*** Materials provided ***
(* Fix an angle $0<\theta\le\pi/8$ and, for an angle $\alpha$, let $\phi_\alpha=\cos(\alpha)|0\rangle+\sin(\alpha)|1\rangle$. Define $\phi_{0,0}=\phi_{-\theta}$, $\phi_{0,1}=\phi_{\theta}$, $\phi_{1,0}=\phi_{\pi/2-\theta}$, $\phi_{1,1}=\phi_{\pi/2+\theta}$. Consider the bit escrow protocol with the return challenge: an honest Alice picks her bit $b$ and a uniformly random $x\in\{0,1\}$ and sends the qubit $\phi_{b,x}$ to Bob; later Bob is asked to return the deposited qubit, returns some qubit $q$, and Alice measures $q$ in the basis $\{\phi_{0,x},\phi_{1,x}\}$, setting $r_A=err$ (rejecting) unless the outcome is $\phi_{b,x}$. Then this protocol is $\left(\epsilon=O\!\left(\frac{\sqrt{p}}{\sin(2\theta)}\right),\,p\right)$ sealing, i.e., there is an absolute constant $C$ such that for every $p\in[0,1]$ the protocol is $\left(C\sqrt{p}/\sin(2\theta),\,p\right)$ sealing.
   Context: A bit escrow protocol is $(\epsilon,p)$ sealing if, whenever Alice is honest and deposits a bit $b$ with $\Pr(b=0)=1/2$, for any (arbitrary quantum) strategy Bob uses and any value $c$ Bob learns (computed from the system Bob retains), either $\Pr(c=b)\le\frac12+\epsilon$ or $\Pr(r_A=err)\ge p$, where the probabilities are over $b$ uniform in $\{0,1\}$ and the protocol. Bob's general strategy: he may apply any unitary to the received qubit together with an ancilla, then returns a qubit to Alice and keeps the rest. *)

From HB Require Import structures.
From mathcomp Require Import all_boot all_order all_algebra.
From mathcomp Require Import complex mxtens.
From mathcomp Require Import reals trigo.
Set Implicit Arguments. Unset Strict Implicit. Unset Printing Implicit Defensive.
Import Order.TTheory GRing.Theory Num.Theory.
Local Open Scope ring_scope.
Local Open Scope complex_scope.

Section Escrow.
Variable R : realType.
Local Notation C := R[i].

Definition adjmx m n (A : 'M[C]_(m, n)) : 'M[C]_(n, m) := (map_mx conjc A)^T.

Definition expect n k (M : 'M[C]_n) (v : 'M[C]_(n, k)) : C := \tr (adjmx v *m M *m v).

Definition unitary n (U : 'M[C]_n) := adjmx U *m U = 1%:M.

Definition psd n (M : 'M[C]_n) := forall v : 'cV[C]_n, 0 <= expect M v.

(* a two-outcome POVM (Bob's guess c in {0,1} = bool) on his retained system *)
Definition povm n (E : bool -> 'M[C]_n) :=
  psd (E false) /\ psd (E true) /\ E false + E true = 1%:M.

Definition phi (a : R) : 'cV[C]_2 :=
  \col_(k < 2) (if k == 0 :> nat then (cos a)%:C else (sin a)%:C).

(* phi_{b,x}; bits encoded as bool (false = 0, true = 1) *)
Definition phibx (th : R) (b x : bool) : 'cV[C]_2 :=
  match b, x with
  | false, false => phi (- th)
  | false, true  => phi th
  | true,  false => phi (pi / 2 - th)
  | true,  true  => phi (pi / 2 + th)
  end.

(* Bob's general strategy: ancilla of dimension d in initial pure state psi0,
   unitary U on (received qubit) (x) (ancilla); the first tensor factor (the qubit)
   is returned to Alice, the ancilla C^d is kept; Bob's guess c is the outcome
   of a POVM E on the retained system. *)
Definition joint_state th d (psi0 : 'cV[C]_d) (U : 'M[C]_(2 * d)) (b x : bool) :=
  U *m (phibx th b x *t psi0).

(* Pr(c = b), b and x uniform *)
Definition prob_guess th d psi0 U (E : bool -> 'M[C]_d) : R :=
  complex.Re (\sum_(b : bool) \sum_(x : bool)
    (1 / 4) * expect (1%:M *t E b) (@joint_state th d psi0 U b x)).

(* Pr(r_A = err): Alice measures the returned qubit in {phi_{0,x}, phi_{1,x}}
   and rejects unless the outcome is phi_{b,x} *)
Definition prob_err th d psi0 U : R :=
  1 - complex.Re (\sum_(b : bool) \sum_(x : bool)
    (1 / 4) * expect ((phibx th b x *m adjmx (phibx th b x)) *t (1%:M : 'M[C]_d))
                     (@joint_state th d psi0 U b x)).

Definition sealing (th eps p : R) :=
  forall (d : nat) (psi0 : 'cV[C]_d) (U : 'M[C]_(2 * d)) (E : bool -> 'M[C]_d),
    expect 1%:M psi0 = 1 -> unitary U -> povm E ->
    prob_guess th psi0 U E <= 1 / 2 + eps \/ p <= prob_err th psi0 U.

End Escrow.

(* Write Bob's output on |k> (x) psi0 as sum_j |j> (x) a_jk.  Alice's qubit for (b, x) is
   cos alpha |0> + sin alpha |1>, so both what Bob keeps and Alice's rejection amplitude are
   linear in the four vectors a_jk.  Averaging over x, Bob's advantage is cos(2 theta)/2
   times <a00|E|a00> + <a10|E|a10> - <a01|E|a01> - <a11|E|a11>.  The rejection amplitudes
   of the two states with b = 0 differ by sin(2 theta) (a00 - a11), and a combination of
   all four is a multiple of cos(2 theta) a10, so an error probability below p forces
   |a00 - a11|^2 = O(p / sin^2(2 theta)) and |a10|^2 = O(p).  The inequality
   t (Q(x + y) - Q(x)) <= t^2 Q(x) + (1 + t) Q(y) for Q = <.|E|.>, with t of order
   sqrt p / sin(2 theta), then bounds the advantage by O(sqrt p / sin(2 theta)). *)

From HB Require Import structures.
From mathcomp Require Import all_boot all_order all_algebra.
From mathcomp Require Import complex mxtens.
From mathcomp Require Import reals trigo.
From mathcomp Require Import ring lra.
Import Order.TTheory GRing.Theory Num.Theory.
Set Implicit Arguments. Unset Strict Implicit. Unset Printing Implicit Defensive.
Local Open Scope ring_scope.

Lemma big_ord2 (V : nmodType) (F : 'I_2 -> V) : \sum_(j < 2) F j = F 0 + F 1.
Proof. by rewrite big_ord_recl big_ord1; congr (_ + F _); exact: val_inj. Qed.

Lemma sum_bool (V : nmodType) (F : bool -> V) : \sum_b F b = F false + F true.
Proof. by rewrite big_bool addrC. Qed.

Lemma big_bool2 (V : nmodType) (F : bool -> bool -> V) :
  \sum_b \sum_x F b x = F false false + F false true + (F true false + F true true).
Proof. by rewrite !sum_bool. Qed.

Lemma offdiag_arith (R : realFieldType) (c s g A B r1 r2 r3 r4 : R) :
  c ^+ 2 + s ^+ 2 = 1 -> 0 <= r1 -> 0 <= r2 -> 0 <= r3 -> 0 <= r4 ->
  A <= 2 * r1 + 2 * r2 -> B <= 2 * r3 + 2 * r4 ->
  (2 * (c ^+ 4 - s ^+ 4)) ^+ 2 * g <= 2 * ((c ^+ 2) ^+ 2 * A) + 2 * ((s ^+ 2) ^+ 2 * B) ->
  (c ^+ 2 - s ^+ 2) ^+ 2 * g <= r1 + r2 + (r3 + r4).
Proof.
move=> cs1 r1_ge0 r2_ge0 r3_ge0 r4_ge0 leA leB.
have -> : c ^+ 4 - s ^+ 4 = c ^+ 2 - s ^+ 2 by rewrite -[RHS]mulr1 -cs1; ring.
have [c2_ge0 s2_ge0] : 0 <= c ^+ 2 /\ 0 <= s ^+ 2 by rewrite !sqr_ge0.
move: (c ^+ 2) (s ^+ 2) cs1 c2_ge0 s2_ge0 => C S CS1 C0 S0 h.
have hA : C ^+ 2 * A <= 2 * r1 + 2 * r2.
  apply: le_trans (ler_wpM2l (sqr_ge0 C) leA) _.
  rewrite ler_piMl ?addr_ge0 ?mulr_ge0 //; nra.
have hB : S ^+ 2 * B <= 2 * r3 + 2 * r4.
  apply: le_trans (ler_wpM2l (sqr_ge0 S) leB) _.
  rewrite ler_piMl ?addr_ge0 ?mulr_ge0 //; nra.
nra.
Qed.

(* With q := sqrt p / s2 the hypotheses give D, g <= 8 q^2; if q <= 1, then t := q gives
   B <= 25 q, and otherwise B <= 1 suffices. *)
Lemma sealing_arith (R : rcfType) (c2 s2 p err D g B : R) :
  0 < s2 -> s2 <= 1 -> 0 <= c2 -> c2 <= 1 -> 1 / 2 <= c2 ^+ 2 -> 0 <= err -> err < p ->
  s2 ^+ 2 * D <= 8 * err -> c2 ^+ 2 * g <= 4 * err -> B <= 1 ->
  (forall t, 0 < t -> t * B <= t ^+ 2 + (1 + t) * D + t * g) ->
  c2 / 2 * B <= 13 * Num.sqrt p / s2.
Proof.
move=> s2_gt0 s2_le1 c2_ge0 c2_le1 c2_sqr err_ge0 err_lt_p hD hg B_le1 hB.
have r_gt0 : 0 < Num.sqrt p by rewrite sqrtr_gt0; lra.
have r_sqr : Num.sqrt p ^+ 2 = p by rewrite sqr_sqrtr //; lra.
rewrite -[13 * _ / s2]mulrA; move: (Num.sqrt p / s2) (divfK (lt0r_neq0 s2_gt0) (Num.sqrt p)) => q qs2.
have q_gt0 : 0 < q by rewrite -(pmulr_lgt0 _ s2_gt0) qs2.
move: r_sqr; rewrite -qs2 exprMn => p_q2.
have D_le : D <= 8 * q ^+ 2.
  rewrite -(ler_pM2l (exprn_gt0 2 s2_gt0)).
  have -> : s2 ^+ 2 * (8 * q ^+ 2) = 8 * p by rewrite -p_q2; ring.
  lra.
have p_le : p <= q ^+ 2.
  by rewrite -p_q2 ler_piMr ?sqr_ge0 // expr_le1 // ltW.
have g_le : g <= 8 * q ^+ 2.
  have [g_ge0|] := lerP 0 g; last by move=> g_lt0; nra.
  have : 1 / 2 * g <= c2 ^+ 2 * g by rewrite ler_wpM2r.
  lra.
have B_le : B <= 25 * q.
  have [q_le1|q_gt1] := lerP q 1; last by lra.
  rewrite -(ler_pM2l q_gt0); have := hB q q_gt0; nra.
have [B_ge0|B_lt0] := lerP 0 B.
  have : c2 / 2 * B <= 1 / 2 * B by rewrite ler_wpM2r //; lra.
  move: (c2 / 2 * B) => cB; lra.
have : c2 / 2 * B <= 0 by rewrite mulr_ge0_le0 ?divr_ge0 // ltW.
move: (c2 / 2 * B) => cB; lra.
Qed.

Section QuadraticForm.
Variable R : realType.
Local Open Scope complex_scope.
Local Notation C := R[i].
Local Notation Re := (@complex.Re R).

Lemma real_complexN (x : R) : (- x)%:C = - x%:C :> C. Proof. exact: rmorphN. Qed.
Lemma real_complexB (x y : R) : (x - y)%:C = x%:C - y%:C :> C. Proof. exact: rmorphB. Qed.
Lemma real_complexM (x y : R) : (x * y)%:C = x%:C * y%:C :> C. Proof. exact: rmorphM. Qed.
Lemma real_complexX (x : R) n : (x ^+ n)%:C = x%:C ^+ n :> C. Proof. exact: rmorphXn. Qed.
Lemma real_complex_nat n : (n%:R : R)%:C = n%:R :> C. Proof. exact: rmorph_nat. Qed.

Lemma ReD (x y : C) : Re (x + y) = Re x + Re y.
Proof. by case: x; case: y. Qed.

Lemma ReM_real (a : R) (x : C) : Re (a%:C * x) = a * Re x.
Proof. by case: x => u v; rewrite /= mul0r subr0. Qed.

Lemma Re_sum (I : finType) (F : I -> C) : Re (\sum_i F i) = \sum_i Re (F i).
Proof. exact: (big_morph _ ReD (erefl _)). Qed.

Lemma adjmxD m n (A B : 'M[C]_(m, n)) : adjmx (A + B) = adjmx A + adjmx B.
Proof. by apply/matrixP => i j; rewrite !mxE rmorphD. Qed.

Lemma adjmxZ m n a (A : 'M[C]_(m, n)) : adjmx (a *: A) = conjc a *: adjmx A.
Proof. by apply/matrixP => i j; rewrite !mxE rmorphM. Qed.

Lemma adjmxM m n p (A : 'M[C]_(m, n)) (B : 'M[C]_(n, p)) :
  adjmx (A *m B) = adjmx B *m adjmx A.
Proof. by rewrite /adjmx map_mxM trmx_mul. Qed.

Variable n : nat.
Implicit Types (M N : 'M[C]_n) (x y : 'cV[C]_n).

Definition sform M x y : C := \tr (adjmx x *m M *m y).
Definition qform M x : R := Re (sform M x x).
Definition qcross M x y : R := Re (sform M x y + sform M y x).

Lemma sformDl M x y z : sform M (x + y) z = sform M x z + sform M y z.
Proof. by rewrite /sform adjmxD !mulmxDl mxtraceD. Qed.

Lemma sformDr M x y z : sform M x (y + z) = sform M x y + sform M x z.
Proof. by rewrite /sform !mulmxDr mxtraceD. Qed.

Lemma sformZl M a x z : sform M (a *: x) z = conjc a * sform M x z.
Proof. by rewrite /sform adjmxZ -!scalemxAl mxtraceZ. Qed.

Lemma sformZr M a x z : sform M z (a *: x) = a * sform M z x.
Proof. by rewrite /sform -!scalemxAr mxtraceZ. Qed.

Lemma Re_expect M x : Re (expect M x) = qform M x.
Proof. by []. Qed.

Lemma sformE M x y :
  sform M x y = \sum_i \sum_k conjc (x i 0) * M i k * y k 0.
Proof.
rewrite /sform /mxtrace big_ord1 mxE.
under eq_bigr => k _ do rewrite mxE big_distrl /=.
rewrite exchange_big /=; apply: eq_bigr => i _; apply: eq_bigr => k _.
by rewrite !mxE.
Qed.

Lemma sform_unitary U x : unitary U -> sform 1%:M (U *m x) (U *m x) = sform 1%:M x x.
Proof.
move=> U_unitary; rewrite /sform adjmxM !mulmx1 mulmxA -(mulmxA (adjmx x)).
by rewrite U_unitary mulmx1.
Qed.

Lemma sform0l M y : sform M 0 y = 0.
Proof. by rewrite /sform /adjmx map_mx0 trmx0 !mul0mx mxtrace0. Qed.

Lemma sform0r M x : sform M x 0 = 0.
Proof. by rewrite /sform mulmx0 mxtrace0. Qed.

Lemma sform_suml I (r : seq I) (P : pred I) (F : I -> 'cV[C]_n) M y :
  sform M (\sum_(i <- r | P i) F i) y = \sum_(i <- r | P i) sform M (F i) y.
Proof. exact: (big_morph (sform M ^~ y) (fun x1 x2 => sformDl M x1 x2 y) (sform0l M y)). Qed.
*** End of Materials provided ***
*** Materials provided ***
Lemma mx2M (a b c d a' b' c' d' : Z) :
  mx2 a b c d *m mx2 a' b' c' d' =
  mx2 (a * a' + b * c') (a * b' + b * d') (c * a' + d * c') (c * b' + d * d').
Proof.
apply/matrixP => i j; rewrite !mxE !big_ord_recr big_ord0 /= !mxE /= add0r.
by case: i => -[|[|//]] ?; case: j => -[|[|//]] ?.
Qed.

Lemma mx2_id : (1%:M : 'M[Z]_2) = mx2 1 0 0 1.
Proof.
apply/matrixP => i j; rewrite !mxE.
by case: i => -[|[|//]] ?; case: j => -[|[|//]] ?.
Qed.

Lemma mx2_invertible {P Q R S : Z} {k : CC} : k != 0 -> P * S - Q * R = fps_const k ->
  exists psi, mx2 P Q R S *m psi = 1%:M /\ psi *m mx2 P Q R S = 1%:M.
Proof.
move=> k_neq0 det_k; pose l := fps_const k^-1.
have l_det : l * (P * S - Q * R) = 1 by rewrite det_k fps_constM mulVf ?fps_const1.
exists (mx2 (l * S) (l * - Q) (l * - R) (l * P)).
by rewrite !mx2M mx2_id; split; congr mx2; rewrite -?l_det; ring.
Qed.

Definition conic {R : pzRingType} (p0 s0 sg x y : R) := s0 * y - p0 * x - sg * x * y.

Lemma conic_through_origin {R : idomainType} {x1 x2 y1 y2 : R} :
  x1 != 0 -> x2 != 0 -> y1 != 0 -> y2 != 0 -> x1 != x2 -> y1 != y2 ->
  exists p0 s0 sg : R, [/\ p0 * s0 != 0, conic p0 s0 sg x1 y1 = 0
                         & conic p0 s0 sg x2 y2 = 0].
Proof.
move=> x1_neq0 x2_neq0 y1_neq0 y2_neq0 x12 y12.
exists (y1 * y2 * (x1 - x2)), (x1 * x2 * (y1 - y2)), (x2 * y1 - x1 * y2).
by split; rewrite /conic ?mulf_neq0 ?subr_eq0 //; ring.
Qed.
*** End of Materials provided ***
- What is required:
Produce only the lines from the line containing "(* Write Bob's" through the line containing "Lemma big_ord2 (V", inclusive of both, exactly as they stand in the entries above.

- Solution to the problem:
(* Write Bob's output on |k> (x) psi0 as sum_j |j> (x) a_jk.  Alice's qubit for (b, x) is
   cos alpha |0> + sin alpha |1>, so both what Bob keeps and Alice's rejection amplitude are
   linear in the four vectors a_jk.  Averaging over x, Bob's advantage is cos(2 theta)/2
   times <a00|E|a00> + <a10|E|a10> - <a01|E|a01> - <a11|E|a11>.  The rejection amplitudes
   of the two states with b = 0 differ by sin(2 theta) (a00 - a11), and a combination of
   all four is a multiple of cos(2 theta) a10, so an error probability below p forces
   |a00 - a11|^2 = O(p / sin^2(2 theta)) and |a10|^2 = O(p).  The inequality
   t (Q(x + y) - Q(x)) <= t^2 Q(x) + (1 + t) Q(y) for Q = <.|E|.>, with t of order
   sqrt p / sin(2 theta), then bounds the advantage by O(sqrt p / sin(2 theta)). *)

From HB Require Import structures.
From mathcomp Require Import all_boot all_order all_algebra.
From mathcomp Require Import complex mxtens.
From mathcomp Require Import reals trigo.
From mathcomp Require Import ring lra.
Import Order.TTheory GRing.Theory Num.Theory.
Set Implicit Arguments. Unset Strict Implicit. Unset Printing Implicit Defensive.
Local Open Scope ring_scope.

Lemma big_ord2 (V : nmodType) (F : 'I_2 -> V) : \sum_(j < 2) F j = F 0 + F 1.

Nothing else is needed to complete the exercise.